ASSIGNMENT: Copy nothing but the lines below running from the line containing "(* Grouping the" through the line containing "Lambda(m) Lambda(2m+1) <= 16", both end lines included.
━━ RECORDS FOR PROCESSING ━━
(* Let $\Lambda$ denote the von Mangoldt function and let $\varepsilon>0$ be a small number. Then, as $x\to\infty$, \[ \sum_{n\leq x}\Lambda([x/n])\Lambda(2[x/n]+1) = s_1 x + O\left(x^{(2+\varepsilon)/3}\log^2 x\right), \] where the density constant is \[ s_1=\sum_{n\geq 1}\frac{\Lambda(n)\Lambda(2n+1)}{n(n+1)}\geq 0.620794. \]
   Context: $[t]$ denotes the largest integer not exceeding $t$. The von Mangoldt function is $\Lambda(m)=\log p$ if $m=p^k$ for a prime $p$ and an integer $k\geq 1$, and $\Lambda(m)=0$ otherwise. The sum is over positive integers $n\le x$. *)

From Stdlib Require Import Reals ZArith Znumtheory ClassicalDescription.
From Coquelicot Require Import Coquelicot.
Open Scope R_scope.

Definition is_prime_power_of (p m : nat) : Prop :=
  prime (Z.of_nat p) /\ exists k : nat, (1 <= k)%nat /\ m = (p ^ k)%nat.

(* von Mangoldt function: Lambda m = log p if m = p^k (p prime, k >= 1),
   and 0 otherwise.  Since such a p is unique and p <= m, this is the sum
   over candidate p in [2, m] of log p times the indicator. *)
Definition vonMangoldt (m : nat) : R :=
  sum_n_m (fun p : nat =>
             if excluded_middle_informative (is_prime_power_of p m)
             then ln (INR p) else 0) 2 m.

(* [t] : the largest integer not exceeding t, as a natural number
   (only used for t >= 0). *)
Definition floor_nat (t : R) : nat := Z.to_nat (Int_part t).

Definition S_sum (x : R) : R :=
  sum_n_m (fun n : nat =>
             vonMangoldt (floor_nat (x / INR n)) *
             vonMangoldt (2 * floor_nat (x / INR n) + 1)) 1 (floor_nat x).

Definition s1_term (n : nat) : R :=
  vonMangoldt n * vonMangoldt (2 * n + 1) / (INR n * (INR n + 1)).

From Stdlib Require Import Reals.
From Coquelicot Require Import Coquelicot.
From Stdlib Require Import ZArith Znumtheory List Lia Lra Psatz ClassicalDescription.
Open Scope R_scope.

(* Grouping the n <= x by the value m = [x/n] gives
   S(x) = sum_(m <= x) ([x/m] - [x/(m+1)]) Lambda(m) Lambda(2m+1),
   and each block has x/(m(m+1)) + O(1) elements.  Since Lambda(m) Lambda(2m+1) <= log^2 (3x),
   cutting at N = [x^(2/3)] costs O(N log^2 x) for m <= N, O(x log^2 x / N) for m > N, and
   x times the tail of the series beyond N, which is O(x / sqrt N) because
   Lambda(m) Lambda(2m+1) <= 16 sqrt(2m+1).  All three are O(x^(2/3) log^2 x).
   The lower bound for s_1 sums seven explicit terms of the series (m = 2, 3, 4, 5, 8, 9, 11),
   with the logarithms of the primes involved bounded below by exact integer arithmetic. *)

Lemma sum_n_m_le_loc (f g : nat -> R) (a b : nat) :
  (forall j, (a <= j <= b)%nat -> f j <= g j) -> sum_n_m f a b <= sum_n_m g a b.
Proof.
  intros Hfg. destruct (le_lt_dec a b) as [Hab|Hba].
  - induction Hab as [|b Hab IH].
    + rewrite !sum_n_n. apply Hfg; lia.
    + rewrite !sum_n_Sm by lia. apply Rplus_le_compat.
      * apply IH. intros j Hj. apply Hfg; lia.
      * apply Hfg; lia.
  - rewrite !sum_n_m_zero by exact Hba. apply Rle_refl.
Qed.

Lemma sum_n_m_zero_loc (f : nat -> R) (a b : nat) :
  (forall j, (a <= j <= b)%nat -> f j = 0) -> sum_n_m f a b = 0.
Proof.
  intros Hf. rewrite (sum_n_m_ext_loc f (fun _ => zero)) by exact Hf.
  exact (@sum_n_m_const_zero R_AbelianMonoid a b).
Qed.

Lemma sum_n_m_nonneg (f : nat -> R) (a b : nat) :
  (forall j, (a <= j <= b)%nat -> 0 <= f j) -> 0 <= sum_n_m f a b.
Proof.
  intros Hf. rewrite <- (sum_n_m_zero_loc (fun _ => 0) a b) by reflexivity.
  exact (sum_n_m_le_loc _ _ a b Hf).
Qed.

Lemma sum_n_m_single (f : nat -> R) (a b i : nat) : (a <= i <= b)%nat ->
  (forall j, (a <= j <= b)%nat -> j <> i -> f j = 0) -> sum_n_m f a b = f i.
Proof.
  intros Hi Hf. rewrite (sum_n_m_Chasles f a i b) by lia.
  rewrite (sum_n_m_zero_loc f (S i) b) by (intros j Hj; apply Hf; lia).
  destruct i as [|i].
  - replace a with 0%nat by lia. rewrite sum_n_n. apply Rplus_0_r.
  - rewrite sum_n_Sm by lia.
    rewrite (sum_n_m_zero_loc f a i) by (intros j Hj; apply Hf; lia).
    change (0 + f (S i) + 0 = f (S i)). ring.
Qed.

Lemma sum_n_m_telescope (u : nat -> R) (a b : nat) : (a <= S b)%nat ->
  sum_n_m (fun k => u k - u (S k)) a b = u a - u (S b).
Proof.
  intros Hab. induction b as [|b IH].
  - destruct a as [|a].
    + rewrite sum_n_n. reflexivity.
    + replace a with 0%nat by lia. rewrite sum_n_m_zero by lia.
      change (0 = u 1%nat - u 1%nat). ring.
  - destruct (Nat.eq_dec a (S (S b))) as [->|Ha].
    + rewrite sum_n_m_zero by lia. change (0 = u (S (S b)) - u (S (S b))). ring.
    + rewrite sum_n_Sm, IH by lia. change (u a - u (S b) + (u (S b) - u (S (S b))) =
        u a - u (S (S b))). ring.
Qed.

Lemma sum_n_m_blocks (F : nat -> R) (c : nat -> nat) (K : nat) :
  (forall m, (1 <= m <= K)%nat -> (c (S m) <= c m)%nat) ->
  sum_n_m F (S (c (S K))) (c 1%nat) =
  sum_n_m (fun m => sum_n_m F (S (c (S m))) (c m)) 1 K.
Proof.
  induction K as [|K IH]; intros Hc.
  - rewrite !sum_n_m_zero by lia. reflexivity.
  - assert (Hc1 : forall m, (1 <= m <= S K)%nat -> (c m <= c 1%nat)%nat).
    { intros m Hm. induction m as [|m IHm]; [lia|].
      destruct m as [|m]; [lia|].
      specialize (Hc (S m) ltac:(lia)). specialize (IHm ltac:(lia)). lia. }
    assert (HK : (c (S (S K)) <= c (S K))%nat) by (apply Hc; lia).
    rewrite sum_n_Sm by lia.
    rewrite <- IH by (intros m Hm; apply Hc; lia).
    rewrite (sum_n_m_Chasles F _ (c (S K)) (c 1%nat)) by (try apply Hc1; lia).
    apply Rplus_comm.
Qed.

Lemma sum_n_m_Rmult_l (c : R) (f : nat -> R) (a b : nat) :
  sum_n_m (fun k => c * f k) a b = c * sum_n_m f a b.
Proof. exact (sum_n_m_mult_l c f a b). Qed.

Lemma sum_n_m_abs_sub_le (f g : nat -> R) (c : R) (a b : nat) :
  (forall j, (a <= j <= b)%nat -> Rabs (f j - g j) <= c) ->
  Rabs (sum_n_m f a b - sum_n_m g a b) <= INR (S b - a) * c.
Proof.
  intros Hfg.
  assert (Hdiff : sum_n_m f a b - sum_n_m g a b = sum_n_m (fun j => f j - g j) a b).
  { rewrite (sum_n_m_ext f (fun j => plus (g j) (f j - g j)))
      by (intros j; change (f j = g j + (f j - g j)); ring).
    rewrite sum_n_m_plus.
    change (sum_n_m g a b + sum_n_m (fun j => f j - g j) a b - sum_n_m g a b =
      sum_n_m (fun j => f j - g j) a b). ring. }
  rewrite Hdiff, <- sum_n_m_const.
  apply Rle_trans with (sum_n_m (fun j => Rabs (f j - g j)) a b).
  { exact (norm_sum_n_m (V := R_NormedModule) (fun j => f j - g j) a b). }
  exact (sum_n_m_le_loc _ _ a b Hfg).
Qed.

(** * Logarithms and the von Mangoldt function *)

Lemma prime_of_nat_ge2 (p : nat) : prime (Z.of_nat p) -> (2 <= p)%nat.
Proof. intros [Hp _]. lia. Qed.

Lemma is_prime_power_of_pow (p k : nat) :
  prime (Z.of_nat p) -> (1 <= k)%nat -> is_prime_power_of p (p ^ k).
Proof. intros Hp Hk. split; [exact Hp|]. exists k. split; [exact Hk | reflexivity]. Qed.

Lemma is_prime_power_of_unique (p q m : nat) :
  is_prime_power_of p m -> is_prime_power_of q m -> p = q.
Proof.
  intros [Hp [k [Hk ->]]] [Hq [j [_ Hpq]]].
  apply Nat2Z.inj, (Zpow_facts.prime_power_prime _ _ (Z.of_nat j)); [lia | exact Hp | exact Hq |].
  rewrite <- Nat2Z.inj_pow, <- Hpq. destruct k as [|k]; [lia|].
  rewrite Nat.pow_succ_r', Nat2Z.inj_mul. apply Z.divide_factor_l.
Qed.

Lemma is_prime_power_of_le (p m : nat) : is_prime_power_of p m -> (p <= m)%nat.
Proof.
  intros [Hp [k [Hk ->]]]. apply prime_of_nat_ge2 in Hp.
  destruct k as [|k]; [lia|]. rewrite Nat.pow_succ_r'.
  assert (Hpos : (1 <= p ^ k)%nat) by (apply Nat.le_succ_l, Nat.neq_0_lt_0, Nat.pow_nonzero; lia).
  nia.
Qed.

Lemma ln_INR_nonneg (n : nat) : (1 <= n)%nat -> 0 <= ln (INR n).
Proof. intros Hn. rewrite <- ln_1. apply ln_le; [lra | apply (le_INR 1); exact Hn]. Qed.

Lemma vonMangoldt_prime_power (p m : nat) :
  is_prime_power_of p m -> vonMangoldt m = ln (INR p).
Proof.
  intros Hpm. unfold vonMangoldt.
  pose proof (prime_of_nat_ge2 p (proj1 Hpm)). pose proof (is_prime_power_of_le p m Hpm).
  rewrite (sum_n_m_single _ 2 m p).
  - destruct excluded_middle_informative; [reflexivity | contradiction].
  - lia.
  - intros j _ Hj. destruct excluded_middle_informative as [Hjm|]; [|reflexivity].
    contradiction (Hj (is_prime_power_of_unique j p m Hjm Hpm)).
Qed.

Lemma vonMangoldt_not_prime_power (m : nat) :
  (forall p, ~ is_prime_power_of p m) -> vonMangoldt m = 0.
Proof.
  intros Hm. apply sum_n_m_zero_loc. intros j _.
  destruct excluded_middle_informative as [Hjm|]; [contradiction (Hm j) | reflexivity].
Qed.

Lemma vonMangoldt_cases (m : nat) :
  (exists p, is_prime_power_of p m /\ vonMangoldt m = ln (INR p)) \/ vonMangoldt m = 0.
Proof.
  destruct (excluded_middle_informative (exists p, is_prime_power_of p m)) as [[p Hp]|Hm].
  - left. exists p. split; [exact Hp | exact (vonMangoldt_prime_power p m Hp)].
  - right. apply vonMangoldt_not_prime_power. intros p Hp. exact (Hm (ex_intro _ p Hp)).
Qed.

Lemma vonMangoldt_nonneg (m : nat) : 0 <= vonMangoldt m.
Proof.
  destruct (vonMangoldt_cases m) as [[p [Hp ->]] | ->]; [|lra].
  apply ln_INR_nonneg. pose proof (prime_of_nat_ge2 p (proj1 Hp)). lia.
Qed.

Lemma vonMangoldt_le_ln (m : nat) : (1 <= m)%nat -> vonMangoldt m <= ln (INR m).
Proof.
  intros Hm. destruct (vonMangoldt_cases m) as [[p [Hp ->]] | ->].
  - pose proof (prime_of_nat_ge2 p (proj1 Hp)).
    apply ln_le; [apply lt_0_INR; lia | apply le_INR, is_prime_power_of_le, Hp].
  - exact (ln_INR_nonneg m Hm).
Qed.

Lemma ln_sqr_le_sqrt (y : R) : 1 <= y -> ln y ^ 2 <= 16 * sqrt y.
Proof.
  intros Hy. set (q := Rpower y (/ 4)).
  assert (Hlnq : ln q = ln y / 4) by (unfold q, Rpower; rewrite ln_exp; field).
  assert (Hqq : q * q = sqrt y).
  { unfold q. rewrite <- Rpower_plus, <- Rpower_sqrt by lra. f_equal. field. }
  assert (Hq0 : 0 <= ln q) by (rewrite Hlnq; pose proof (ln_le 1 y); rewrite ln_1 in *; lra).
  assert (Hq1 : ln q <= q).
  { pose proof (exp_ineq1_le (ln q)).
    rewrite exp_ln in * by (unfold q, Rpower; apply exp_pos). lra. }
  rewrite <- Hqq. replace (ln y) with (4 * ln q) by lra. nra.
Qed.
━━━
ANSWER SECTION:
(* Grouping the n <= x by the value m = [x/n] gives
   S(x) = sum_(m <= x) ([x/m] - [x/(m+1)]) Lambda(m) Lambda(2m+1),
   and each block has x/(m(m+1)) + O(1) elements.  Since Lambda(m) Lambda(2m+1) <= log^2 (3x),
   cutting at N = [x^(2/3)] costs O(N log^2 x) for m <= N, O(x log^2 x / N) for m > N, and
   x times the tail of the series beyond N, which is O(x / sqrt N) because
   Lambda(m) Lambda(2m+1) <= 16 sqrt(2m+1).  All three are O(x^(2/3) log^2 x).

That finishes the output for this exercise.